MATERIAL SUPPLIED: Begin

Lemma br_linl z : linear (br^~ z). Proof. by case: lieM => H _ _ _ a u v; apply: H. Qed.
Lemma br_linr z : linear (br z). Proof. by case: lieM => _ H _ _ a u v; apply: H. Qed.
Lemma br_alt u : br u u = 0. Proof. by case: lieM. Qed.
Lemma br_jacobi u v w : br u (br v w) + br v (br w u) + br w (br u v) = 0.
Proof. by case: lieM. Qed.

Lemma brDl u v z : br (u + v) z = br u z + br v z. Proof. exact: (linD (br_linl z)). Qed.
Lemma brNr u z : br z (- u) = - br z u. Proof. exact: (linN (br_linr z)). Qed.

Lemma brC u v : br u v = - br v u.
Proof.
have := br_alt (u + v); rewrite brDl !(linD (br_linr _)) !br_alt add0r addr0 => /eqP.
by rewrite addr_eq0 => /eqP.
Qed.

Lemma br_jacobiD u v w : br u (br v w) = br v (br u w) - br w (br u v).
Proof.
have /eqP := br_jacobi u v w; rewrite (brC w u) brNr -addrA addr_eq0 => /eqP ->.
by rewrite opprD opprK.
Qed.

Hypothesis nilM : nilp3 br.

Lemma br_brbr a b c d : br (br a b) (br c d) = 0.
Proof. by have := br_jacobi c d (br a b); rewrite [br (br a b) c]brC brNr !nilM oppr0 !add0r. Qed.

Lemma br_br3 a b c y : br (br a (br b c)) y = 0.
Proof. by rewrite brC nilM oppr0. Qed.
End LieFacts.

(* Strictly upper triangular 4x4 matrices, in the coordinates (c12, c23, c34, c13, c24, c14),
   with the matrix commutator as bracket. *)
Section N4.
Variable K : fieldType.
Definition n4 := (K^o * K^o * K^o * K^o * K^o * K^o)%type.
Definition c12 (v : n4) : K := v.1.1.1.1.1.
Definition c23 (v : n4) : K := v.1.1.1.1.2.
Definition c34 (v : n4) : K := v.1.1.1.2.
Definition c13 (v : n4) : K := v.1.1.2.
Definition c24 (v : n4) : K := v.1.2.
Definition c14 (v : n4) : K := v.2.
Definition n4_br (u v : n4) : n4 :=
  (0, 0, 0, c12 u * c23 v - c23 u * c12 v, c23 u * c34 v - c34 u * c23 v,
   c12 u * c24 v - c24 u * c12 v + c13 u * c34 v - c34 u * c13 v).

Lemma scale_pair (A B : lmodType K) (a : K) (u : A) (v : B) :
  a *: ((u, v) : (A * B)%type) = (a *: u, a *: v).
Proof. by []. Qed.
Lemma add_pair (A B : lmodType K) (u u' : A) (v v' : B) :
  ((u, v) : (A * B)%type) + (u', v') = (u + u', v + v').
Proof. by []. Qed.
Lemma scaleKo (a x : K) : a *: (x : K^o) = a * x. Proof. by []. Qed.

Lemma n4_lie : is_lie n4_br.
Proof.
split.
- move=> a [[[[[? ?] ?] ?] ?] ?] [[[[[? ?] ?] ?] ?] ?] [[[[[? ?] ?] ?] ?] ?].
  rewrite /n4_br /c12 /c23 /c34 /c13 /c24 /c14 !scale_pair !add_pair /= !scaleKo.
  by congr (_, _, _, _, _, _); ring.
- move=> a [[[[[? ?] ?] ?] ?] ?] [[[[[? ?] ?] ?] ?] ?] [[[[[? ?] ?] ?] ?] ?].
  rewrite /n4_br /c12 /c23 /c34 /c13 /c24 /c14 !scale_pair !add_pair /= !scaleKo.
  by congr (_, _, _, _, _, _); ring.
- move=> [[[[[? ?] ?] ?] ?] ?].
  by rewrite /n4_br /c12 /c23 /c34 /c13 /c24 /c14 /=; congr (_, _, _, _, _, _); ring.
- move=> [[[[[? ?] ?] ?] ?] ?] [[[[[? ?] ?] ?] ?] ?] [[[[[? ?] ?] ?] ?] ?].
  rewrite /n4_br /c12 /c23 /c34 /c13 /c24 /c14 !add_pair /=.
  by congr (_, _, _, _, _, _); ring.
Qed.

Lemma n4_nilp3 : nilp3 n4_br.
Proof.
move=> [[[[[? ?] ?] ?] ?] ?] [[[[[? ?] ?] ?] ?] ?] [[[[[? ?] ?] ?] ?] ?] [[[[[? ?] ?] ?] ?] ?].
by rewrite /n4_br /c12 /c23 /c34 /c13 /c24 /c14 /=; congr (_, _, _, _, _, _); ring.
Qed.

Definition n4_gen (a b c : nat -> K) (n : nat) : n4 := (a n, b n, c n, 0, 0, 0).

Lemma c12_gen a b c n : c12 (n4_gen a b c n) = a n. Proof. by []. Qed.
Lemma c23_gen a b c n : c23 (n4_gen a b c n) = b n. Proof. by []. Qed.
Lemma c34_gen a b c n : c34 (n4_gen a b c n) = c n. Proof. by []. Qed.
Lemma c13_gen a b c n : c13 (n4_gen a b c n) = 0. Proof. by []. Qed.
Lemma c24_gen a b c n : c24 (n4_gen a b c n) = 0. Proof. by []. Qed.
Lemma c14_gen a b c n : c14 (n4_gen a b c n) = 0. Proof. by []. Qed.
Lemma c12_br u v : c12 (n4_br u v) = 0. Proof. by []. Qed.
Lemma c23_br u v : c23 (n4_br u v) = 0. Proof. by []. Qed.
Lemma c34_br u v : c34 (n4_br u v) = 0. Proof. by []. Qed.
Lemma c13_br u v : c13 (n4_br u v) = c12 u * c23 v - c23 u * c12 v. Proof. by []. Qed.
Lemma c24_br u v : c24 (n4_br u v) = c23 u * c34 v - c34 u * c23 v. Proof. by []. Qed.
Lemma c14_br u v :
  c14 (n4_br u v) = c12 u * c24 v - c24 u * c12 v + c13 u * c34 v - c34 u * c13 v.
Proof. by []. Qed.
Definition n4E := (c12_gen, c23_gen, c34_gen, c13_gen, c24_gen, c14_gen,
                   c12_br, c23_br, c34_br, c13_br, c24_br, c14_br).
End N4.

Definition hall_eval (K : fieldType) (M : lmodType K) (brM : M -> M -> M) (Y : nat -> M)
    (t : label) : M :=
  let: (d, i, j, k) := t in
  if d == 1%N then Y i else if d == 2%N then brM (Y i) (Y j)
  else if d == 3%N then brM (Y i) (brM (Y j) (Y k)) else 0.
Arguments hall_eval : simpl never.

Lemma hall_eval_hom (K : fieldType) (M M' : lmodType K) (brM : M -> M -> M)
    (brM' : M' -> M' -> M') (f : M -> M') (Y : nat -> M) t :
  lie_hom brM brM' f -> f (hall_eval brM Y t) = hall_eval brM' (f \o Y) t.
Proof.
case=> f_lin f_br; case: t => [[[d i] j] k]; rewrite /hall_eval /=.
case: ifP => _ //; case: ifP => _; first by rewrite f_br.
by case: ifP => _; [rewrite !f_br | exact: (lin0 f_lin)].
Qed.

Lemma eq_hall_eval (K : fieldType) (M : lmodType K) (brM : M -> M -> M) (Y Y' : nat -> M)
    m s :
  s \in hall m -> {in gtn m, Y =1 Y'} -> hall_eval brM Y s = hall_eval brM Y' s.
Proof.
case: s => [[[d i] j] k]; rewrite mem_hall => Hs eqY; rewrite /hall_eval.
case: ifP => [/eqP Hd | _]; first by apply: eqY; rewrite inE; lia.
case: ifP => [/eqP Hd | _]; first by rewrite !eqY // inE; lia.
by case: ifP => [/eqP Hd | _] //; rewrite !eqY // inE; lia.
Qed.

Section DualFamily.
Variables (K : fieldType) (L : vectType K).

Lemma span_lin (M : vectType K) (f : L -> M) (f_lin : linear f) (S : {vspace M})
    (Y : seq L) :
  {subset [seq f y | y <- Y] <= S} -> forall v, v \in <<Y>>%VS -> f v \in S.
Proof.
move=> fYS v; rewrite -[Y]in_tupleE => /coord_span ->.
rewrite (lin_sum f_lin); apply: memv_suml => i _; rewrite (linZ f_lin).
by apply/memvZ/fYS/map_f; exact: (mem_nth 0 (ltn_ord i)).
Qed.

Lemma span_lin_eq0 (M : vectType K) (f : L -> M) (f_lin : linear f) (Y : seq L) :
  {in Y, forall y, f y = 0} -> forall v, v \in <<Y>>%VS -> f v = 0.
Proof.
move=> fY0 v Yv; apply/eqP; rewrite -memv0; apply: (span_lin f_lin) Yv.
by move=> _ /mapP [y /fY0 -> ->]; exact: mem0v.
Qed.

Lemma free_of_dual (Y : seq L) (f : nat -> L -> K^o) (f_lin : forall p, linear (f p)) :
  (forall p q, (p < size Y)%N -> (q < size Y)%N -> f p Y`_q = (p == q)%:R) ->
  free Y /\ (forall v, v \in <<Y>>%VS -> (forall p, (p < size Y)%N -> f p v = 0) -> v = 0).
Proof.
move=> dualY; have coef : forall (k : 'I_(size Y) -> K) (p : 'I_(size Y)),
    f p (\sum_(i < size Y) k i *: Y`_i) = k p.
  move=> k p; rewrite (lin_sum (f_lin p)) (bigD1 p) //= big1 => [|i ne_ip].
    by rewrite (linZ (f_lin p)) dualY // eqxx /GRing.scale /= mulr1 addr0.
  rewrite (linZ (f_lin p)) dualY //; case: eqP => [/val_inj Epi | _].
    by rewrite Epi eqxx in ne_ip.
  by rewrite /GRing.scale /= mulr0.
split.
  rewrite -[Y]in_tupleE; apply/freeP => k; rewrite in_tupleE => sum0 i.
  by rewrite -(coef k i) sum0 (lin0 (f_lin i)).
move=> v; rewrite -[Y]in_tupleE => /coord_span -> fv0.
apply: big1 => i _; have := coef (fun j => coord (in_tuple Y) j v) i.
by rewrite fv0 // => <-; rewrite scale0r.
Qed.
End DualFamily.

Section TestHomomorphisms.
Variables (K : fieldType) (g : nat).

Definition kron (a n : nat) : K := (n == a)%:R.

Definition third (p q : nat) : nat :=
  if (p != 0%N) && (q != 0%N) then 0%N
  else if (p != 1%N) && (q != 1%N) then 1%N else 2%N.

Lemma third_spec p q : (p < q)%N -> [&& third p q != p, third p q != q & third p q < 3]%N.
Proof.
rewrite /third; case: (p =P 0%N); case: (q =P 0%N); case: (p =P 1%N);
  case: (q =P 1%N) => /= *; lia.
Qed.

(* For each Hall label t, the generators x_(slot12 t), x_(slot23 t), x_(slot34 t) are sent
   to E12, E23, E34 and all other generators to 0; under this homomorphism to n4 the entry
   test_coord t vanishes on every Hall element except t, where it equals test_weight t. *)
Definition slot12 (t : label) : nat := let: (d, p, q, r) := t in
  if d == 1%N then p else if d == 2%N then p else
  if p == q then p else if p == r then r else if (p < r)%N then p else q.
Definition slot23 (t : label) : nat := let: (d, p, q, r) := t in
  if d == 1%N then (if p == 0%N then 1%N else 0%N) else if d == 2%N then q else
  if p == q then r else if p == r then q else r.
Definition slot34 (t : label) : nat := let: (d, p, q, r) := t in
  if d == 1%N then g else if d == 2%N then third p q else
  if p == q then p else if p == r then r else if (p < r)%N then q else p.

Definition test_gen (t : label) : nat -> n4 K :=
  n4_gen (kron (slot12 t)) (kron (slot23 t)) (kron (slot34 t)).
Definition test_coord (t : label) : n4 K -> K := let: (d, p, q, r) := t in
  if d == 1%N then @c12 K else if d == 2%N then @c13 K else @c14 K.
Definition test_weight (t : label) : K := let: (d, p, q, r) := t in
  if d == 3%N then (if p == q then - 2%:R else if p == r then 2%:R else -1) else 1.

Lemma test_coord_lin t : linear (test_coord t : n4 K -> K^o).
Proof. by case: t => [[[d p] q] r] a u v; rewrite /test_coord; case: ifP => _; [|case: ifP]. Qed.

Lemma test_weight_neq0 t : (2%:R : K) != 0 -> test_weight t != 0.
Proof.
case: t => [[[d p] q] r] two_neq0; rewrite /test_weight.
case: ifP => _; last exact: oner_neq0.
case: ifP => _; first by rewrite oppr_eq0.
by case: ifP => _ //; rewrite oppr_eq0 oner_neq0.
Qed.

Ltac split_nat_tests :=
  repeat (match goal with
  | |- context [?a == ?b] => case: (a =P b) => ?
  | |- context [(?a < ?b)%N] => case: (ltnP a b) => ?
  end; try subst; try (exfalso; lia));
  rewrite /= ?(mulr0, mul0r, subr0, addr0, sub0r, oppr0, mulr1, mul1r).

(* The c14 entry of [Y_i, [Y_j, Y_k]] for Y = n4_gen a b c. *)
Definition triple14 (a b c : nat -> K) (i j k : nat) : K :=
  a i * (b j * c k - c j * b k) - c i * (a j * b k - b j * a k).

Section Triple14.
Variables i j k : nat.
Hypotheses (lt_jk : (j < k)%N) (le_ji : (j <= i)%N).

Lemma triple14_left p r : (p < r)%N ->
  triple14 (kron p) (kron r) (kron p) i j k = - 2%:R * ((i == p) && (j == p) && (k == r))%:R.
Proof. by move=> *; rewrite /triple14 /kron; split_nat_tests; ring. Qed.

Lemma triple14_right q r : (q < r)%N ->
  triple14 (kron r) (kron q) (kron r) i j k = 2%:R * ((i == r) && (j == q) && (k == r))%:R.
Proof. by move=> *; rewrite /triple14 /kron; split_nat_tests; ring. Qed.

Lemma triple14_mid p q r : (q < p < r)%N ->
  triple14 (kron p) (kron r) (kron q) i j k = - ((i == p) && (j == q) && (k == r))%:R.
Proof. by move=> *; rewrite /triple14 /kron; split_nat_tests; ring. Qed.

Lemma triple14_top p q r : (q < r < p)%N ->
  triple14 (kron q) (kron r) (kron p) i j k = - ((i == p) && (j == q) && (k == r))%:R.
Proof. by move=> *; rewrite /triple14 /kron; split_nat_tests; ring. Qed.
End Triple14.

Lemma test_coord_hall s t : s \in hall g -> t \in hall g ->
  test_coord t (hall_eval (@n4_br K) (test_gen t) s) = (s == t)%:R * test_weight t.
Proof.
case: s => [[[d i] j] k]; case: t => [[[d' p] q] r]; rewrite !mem_hall !xpair_eqE.
case/or3P => [/and4P [/eqP -> Hi /eqP -> /eqP ->] | /and4P [/eqP -> Hij Hj /eqP ->] |
  /and5P [/eqP -> Hjk Hji Hi Hk]];
case/or3P => [/and4P [/eqP -> Hp /eqP -> /eqP ->] | /and4P [/eqP -> Hpq Hq /eqP ->] |
  /and5P [/eqP -> Hqr Hqp Hp Hr]];
rewrite /test_coord /test_weight /test_gen /hall_eval /= ?n4E /kron /= ?mulr1 ?mul0r //.
- by split_nat_tests.
- by split_nat_tests.
- by split_nat_tests.
- by rewrite !mulr0 subrr.
have -> : forall a b c : nat,
    (i == a)%:R * ((j == b)%:R * (k == c)%:R - (j == c)%:R * (k == b)%:R) - 0 + 0 -
    (i == c)%:R * ((j == a)%:R * (k == b)%:R - (j == b)%:R * (k == a)%:R) =
    triple14 (kron a) (kron b) (kron c) i j k :> K.
  by move=> a b c; rewrite /triple14 /kron subr0 addr0.
case: (p =P q) => [Epq | ne_pq].
  by rewrite -Epq (@triple14_left i j k Hjk Hji p r); [rewrite mulrC | lia..].
case: (p =P r) => [Epr | ne_pr].
  by rewrite -Epr (@triple14_right i j k Hjk Hji q p); [rewrite mulrC | lia..].
case: (ltnP p r) => [lt_pr | le_rp].
  by rewrite (@triple14_mid i j k Hjk Hji p q r); [rewrite mulrN1 | lia..].
by rewrite (@triple14_top i j k Hjk Hji p q r); [rewrite mulrN1 | lia..].
Qed.
End TestHomomorphisms.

MATERIAL SUPPLIED: End

In the data above, find the line with "if d == 1%N then p" and the line with "if d == 1%N then g". Retype both, plus every line between them, exactly.

  if d == 1%N then p else if d == 2%N then p else
  if p == q then p else if p == r then r else if (p < r)%N then p else q.
Definition slot23 (t : label) : nat := let: (d, p, q, r) := t in
  if d == 1%N then (if p == 0%N then 1%N else 0%N) else if d == 2%N then q else
  if p == q then r else if p == r then q else r.
Definition slot34 (t : label) : nat := let: (d, p, q, r) := t in
  if d == 1%N then g else if d == 2%N then third p q else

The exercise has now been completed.